*落書き置き場*
【賀正企画SS】 擬人化アンパンマン



※2012/1/1〜1/31まで公開していた賀正企画SSです




「初詣に行きましょう」

年始早々、ホラーマンがそう言えば、自分で作った御節料理を黙々と食べていたバイキンマンは嫌そうな顔をしてみせた。

その顔に、ホラーマンは眉を寄せる。


「…何ですか、不満でも?」

「俺、人がいっぱいいる所苦手なんだよ。行きたくなーい」

「ほんっとに引きこもりですね、あなたは」


呆れながら鼻を鳴らせば、栗きんとんを摘まんでいたバイキンマンはむぅ、と不満げに眉を寄せた。


「なんだよ、ロールにはフラれたのか」

「違いますよ。ロールちゃんは久々に妹さんがお休みらしいので、二人で旅行に行ってるんです。
じゃなければ好き好んであなたなんか誘いませんよ」

「元旦から喧嘩腰だなー…」


もふもふと伊達巻を口にするバイキンマンに、今度はホラーマンが眉を寄せた。


「あなたこそ、何で一人で御節食べてるんですか?ドキンちゃんは?」

「……」


無言で黒豆をつつくバイキンマンは、ソッと一枚のメモを差し出してくる。

そこには、丸い字体の文字列が並んでいた。


「『バタコ達と年越し女子会してくる』…ドキンちゃん、出掛けてるんですか」

「ドキンちゃんに食べてもらおうと御節作ったのにー!」

「一人で年越したんですか?相変わらず友達いませんね、あなたは」


ふっ、と鼻で笑ってからちょろぎを摘まんで口に放れば、バイキンマンは涙目で睨んできた。

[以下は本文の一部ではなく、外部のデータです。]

(* Let $\Gamma_1,\Gamma_2$ be first-order theories over $\mathcal L$. Then $\Gamma_1$ and $\Gamma_2$ are uniformly equivalent if and only if the set of QHT-interpretations of $\mathcal L$ that are there-closed in $C_s(\Gamma_1)$ equals the set of QHT-interpretations of $\mathcal L$ that are there-closed in $C_s(\Gamma_2)$.
   Context: A first-order signature $\mathcal L=\langle\mathcal F,\mathcal P\rangle$ consists of disjoint sets of function symbols $\mathcal F$ (0-ary ones are object constants) and predicate symbols $\mathcal P$, with arities. Formulas are built as in first-order logic with equality from atoms, equations $t_1=t_2$ and $\bot$ using $\wedge,\vee,\to,\forall,\exists$; $\neg\phi$ abbreviates $\phi\to\bot$; a theory is a set of sentences. For a nonempty universe $\mathcal U$ let $\mathcal C_{\mathcal U}=\{c_\varepsilon\mid\varepsilon\in\mathcal U\}$ be fresh distinct constants and $\mathrm{At}(\mathcal P,\mathcal U)$ the set of atoms $p(c_{\varepsilon_1},..,c_{\varepsilon_n})$, $p\in\mathcal P$. A QHT-interpretation of $\mathcal L$ is a triple $\langle I,J,K\rangle$ where $I$ interprets $\mathcal F$ on some universe $\mathcal U$ (with $I(c_\varepsilon)=\varepsilon$) and $J\subseteq K\subseteq\mathrm{At}(\mathcal P,\mathcal U)$; total if $J=K$. $\langle I,K\rangle$ is the classical interpretation with function part $I$ where exactly the atoms of $K$ are true. Satisfaction by $M=\langle I,J,K\rangle$: $M\models p(t_1,..,t_n)$ iff $p(c_{t_1^I},..,c_{t_n^I})\in J$; $M\models t_1=t_2$ iff $t_1^I=t_2^I$; $M\not\models\bot$; $\wedge,\vee$ componentwise; $M\models\phi\to\psi$ iff ($M\not\models\phi$ or $M\models\psi$) and $\langle I,K\rangle\models\phi\to\psi$ classically; $M\models\forall x\phi(x)$ iff $M\models\phi(c_\varepsilon)$ and $\langle I,K\rangle\models\phi(c_\varepsilon)$ for all $\varepsilon$; $M\models\exists x\phi(x)$ iff $M\models\phi(c_\varepsilon)$ for some $\varepsilon$. $\langle I,K\rangle$ is an answer set of $\Gamma$ iff $\langle I,K,K\rangle\models\Gamma$ and $\langle I,J,K\rangle\not\models\Gamma$ for every $J\subsetneq K$. A sentence is factual if built using only $\wedge,\vee,\exists,\forall$ and implications $\phi\to\bot$. $\Gamma_1,\Gamma_2$ over $\mathcal L$ are uniformly equivalent iff for every signature $\mathcal L'\supseteq\mathcal L$ and every factual theory $\Gamma$ over $\mathcal L'$, $\Gamma_1\cup\Gamma$ and $\Gamma_2\cup\Gamma$ have the same answer sets. $C_s(\Gamma)$ is the set of QHT-countermodels of $\Gamma$ (QHT-interpretations of $\mathcal L$ not satisfying $\Gamma$). $\langle I,J,K\rangle$ is there-closed in a set $S$ if $\langle I,K,K\rangle\notin S$ and $\langle I,J',K\rangle\in S$ for every $J\subseteq J'\subsetneq K$. *)

From mathcomp Require Import all_boot.

Record sig := Sig {
  fsym : Type; psym : Type;
  farity : fsym -> nat; parity : psym -> nat }.

Set Implicit Arguments. Unset Strict Implicit. Unset Printing Implicit Defensive.

(* Extension L' = L + new symbols.  Every signature L' ⊇ L is (up to renaming)
   of this form. *)
Definition ext (L : sig) (EF EP : Type) (ea : EF -> nat) (ep : EP -> nat) : sig :=
  {| fsym := (fsym L + EF)%type; psym := (psym L + EP)%type;
     farity := fun s => match s with inl f => farity L f | inr e => ea e end;
     parity := fun s => match s with inl p => parity L p | inr e => ep e end |}.

Inductive term (L : sig) : Type :=
| Var : nat -> term L
| App : forall f : fsym L, ('I_(farity L f) -> term L) -> term L.

Inductive form (L : sig) : Type :=
| Atom : forall p : psym L, ('I_(parity L p) -> term L) -> form L
| Eq : term L -> term L -> form L
| Bot : form L
| And : form L -> form L -> form L
| Or : form L -> form L -> form L
| Imp : form L -> form L -> form L
| All : nat -> form L -> form L
| Ex : nat -> form L -> form L.
Arguments Bot {L}.

Fixpoint term_vars_in (L : sig) (B : nat -> Prop) (t : term L) : Prop :=
  match t with
  | Var x => B x
  | App f ts => forall i, term_vars_in B (ts i)
  end.

Fixpoint form_vars_in (L : sig) (B : nat -> Prop) (phi : form L) : Prop :=
  match phi with
  | Atom p ts => forall i, term_vars_in B (ts i)
  | Eq t1 t2 => term_vars_in B t1 /\ term_vars_in B t2
  | Bot => True
  | And a b | Or a b | Imp a b => form_vars_in B a /\ form_vars_in B b
  | All x a | Ex x a => form_vars_in (fun y => y = x \/ B y) a
  end.

Definition sentence (L : sig) (phi : form L) : Prop := form_vars_in (fun _ => False) phi.

Definition theory (L : sig) := form L -> Prop.
Definition is_theory (L : sig) (G : theory L) : Prop := forall phi, G phi -> sentence phi.

Fixpoint factual (L : sig) (phi : form L) : Prop :=
  match phi with
  | Atom _ _ | Eq _ _ | Bot => True
  | And a b | Or a b => factual a /\ factual b
  | Imp a Bot => factual a
  | Imp _ _ => False
  | All _ a | Ex _ a => factual a
  end.

Definition factual_theory (L : sig) (G : theory L) : Prop :=
  forall phi, G phi -> sentence phi /\ factual phi.

Fixpoint emb_term L EF EP ea ep (t : term L) : term (@ext L EF EP ea ep) :=
  match t with
  | Var x => Var _ x
  | App f ts => @App (ext L ea ep) (inl f) (fun i => emb_term ea ep (ts i))
  end.

Fixpoint emb_form L EF EP ea ep (phi : form L) : form (@ext L EF EP ea ep) :=
  match phi with
  | Atom p ts => @Atom (ext L ea ep) (inl p) (fun i => emb_term ea ep (ts i))
  | Eq t1 t2 => Eq (emb_term ea ep t1) (emb_term ea ep t2)
  | Bot => Bot
  | And a b => And (emb_form ea ep a) (emb_form ea ep b)
  | Or a b => Or (emb_form ea ep a) (emb_form ea ep b)
  | Imp a b => Imp (emb_form ea ep a) (emb_form ea ep b)
  | All x a => All x (emb_form ea ep a)
  | Ex x a => Ex x (emb_form ea ep a)
  end.

Definition emb_theory L EF EP (ea : EF -> nat) (ep : EP -> nat) (G : theory L)
  : theory (ext L ea ep) := fun psi => exists phi, G phi /\ psi = emb_form ea ep phi.

Definition union_th L (A B : theory L) : theory L := fun phi => A phi \/ B phi.

(* Semantics.  U is the universe; I interprets function symbols on U;
   ground atoms p(c_e1,..,c_en) are pairs (p, (e1,..,en)). *)
Definition finterp (L : sig) (U : Type) := forall f : fsym L, (farity L f).-tuple U -> U.
Definition atom (L : sig) (U : Type) := {p : psym L & (parity L p).-tuple U}.
Definition atoms (L : sig) (U : Type) := atom L U -> Prop.

Definition subset_at L U (A B : atoms L U) : Prop := forall a, A a -> B a.
Definition strict_subset_at L U (A B : atoms L U) : Prop :=
  subset_at A B /\ exists a, B a /\ ~ A a.

Definition upd (U : Type) (env : nat -> U) (x : nat) (e : U) : nat -> U :=
  fun y => if y == x then e else env y.

Fixpoint eval L U (I : finterp L U) (env : nat -> U) (t : term L) : U :=
  match t with
  | Var x => env x
  | App f ts => I f [tuple eval I env (ts i) | i < farity L f]
  end.

Definition ground_atom L U (I : finterp L U) (env : nat -> U) (p : psym L)
  (ts : 'I_(parity L p) -> term L) : atom L U :=
  existT _ p [tuple eval I env (ts i) | i < parity L p].

Fixpoint csat L U (I : finterp L U) (K : atoms L U) (env : nat -> U) (phi : form L) : Prop :=
  match phi with
  | Atom p ts => K (ground_atom I env ts)
  | Eq t1 t2 => eval I env t1 = eval I env t2
  | Bot => False
  | And a b => csat I K env a /\ csat I K env b
  | Or a b => csat I K env a \/ csat I K env b
  | Imp a b => csat I K env a -> csat I K env b
  | All x a => forall e, csat I K (upd env x e) a
  | Ex x a => exists e, csat I K (upd env x e) a
  end.

Fixpoint hsat L U (I : finterp L U) (J K : atoms L U) (env : nat -> U) (phi : form L) : Prop :=
  match phi with
  | Atom p ts => J (ground_atom I env ts)
  | Eq t1 t2 => eval I env t1 = eval I env t2
  | Bot => False
  | And a b => hsat I J K env a /\ hsat I J K env b
  | Or a b => hsat I J K env a \/ hsat I J K env b
  | Imp a b => (~ hsat I J K env a \/ hsat I J K env b) /\ csat I K env (Imp a b)
  | All x a => forall e, hsat I J K (upd env x e) a /\ csat I K (upd env x e) a
  | Ex x a => exists e, hsat I J K (upd env x e) a
  end.

(* <I,J,K> |= Gamma  (sentences: the environment is irrelevant) *)
Definition hsat_th L U (I : finterp L U) (J K : atoms L U) (G : theory L) : Prop :=
  forall phi, G phi -> forall env : nat -> U, hsat I J K env phi.

Definition answer_set L U (I : finterp L U) (K : atoms L U) (G : theory L) : Prop :=
  hsat_th I K K G /\ forall J, strict_subset_at J K -> ~ hsat_th I J K G.

Definition unif_equiv (L : sig) (G1 G2 : theory L) : Prop :=
  forall (EF EP : Type) (ea : EF -> nat) (ep : EP -> nat) (G : theory (ext L ea ep)),
    factual_theory G ->
    forall (U : Type), inhabited U ->
    forall (I : finterp (ext L ea ep) U) (K : atoms (ext L ea ep) U),
      answer_set I K (union_th (@emb_theory L EF EP ea ep G1) G) <->
      answer_set I K (union_th (@emb_theory L EF EP ea ep G2) G).

Definition Cs L (G : theory L) U (I : finterp L U) (J K : atoms L U) : Prop :=
  subset_at J K /\ ~ hsat_th I J K G.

「良いんだもん!全然寂しくないし!御節も美味いし!」

「確かに御節は美味しいです。料理は上手ですよね」

「え、美味い?本当?いやー、実はめちゃくちゃ自信作でさー」

「やっぱり寂しいでしょ、あなた」


ポツリと返せば、ハッとした様に目を丸めたバイキンマンが慌てて口を尖らせた。
御節を詰めた重箱を抱え込み、ホラーマンを威嚇する様に歯を剥き出しにしてみせる。


「寂しくないし!」

「…あなた、今年厄年でしょ?」


抱え込まれた重箱を奪いながら言えば、バイキンマンは目を丸める。
それから目を泳がせ、そうだけど、と呟いた。

悪の総ボスのくせに、厄年なのは気にしていたらしい。

重箱から栗きんとんをつまみ上げて口に放りながら、ホラーマンはにっこりと微笑む。


「だから、一緒に御参りに行こうって事ですよ。
さぁ、早く準備してください」

「ホラーくん…!」


うるうると目を潤めて立ち上がったバイキンマンは、いそいそとコートを羽織る。
その間も黙々と御節を食べ続けるホラーマンに、バイキンマンは涙で潤んだ瞳を緩め、今年一発目の満面の笑みを見せた。


「ホラーくん、そんなに俺のこと考えてくれて……」

「当然ですよ。ロールちゃんにお給料払ってるのはあなたなんですから、あなたに何かあったらロールちゃんの収入源が減ることになるんですもん」

「…………え?そんな理由?」


聞こえてきた言葉に耳を疑った。
呆然と見つめてくるバイキンマンに、ホラーマンはうっすらとした笑みを浮かべ、重箱をテーブルに置く。
手を差し伸べ、未だ微妙な笑みでバイキンマンを手招きしている。


「さぁ、早く行きましょう」

「……っホラーくんの馬鹿ー!!引きこもりを馬鹿にしやがって!うわー!」

「あ、ちょっと!僕、三時から見たい番組が有るんですから、早くしてくださいよ」

「うわー!うわー!!」


半ば引き摺られる様にして部屋を出て行くバイキンマンは、涙で潤んだ視界に映ったホラーマンの笑みにグッと唾を飲み込んだ。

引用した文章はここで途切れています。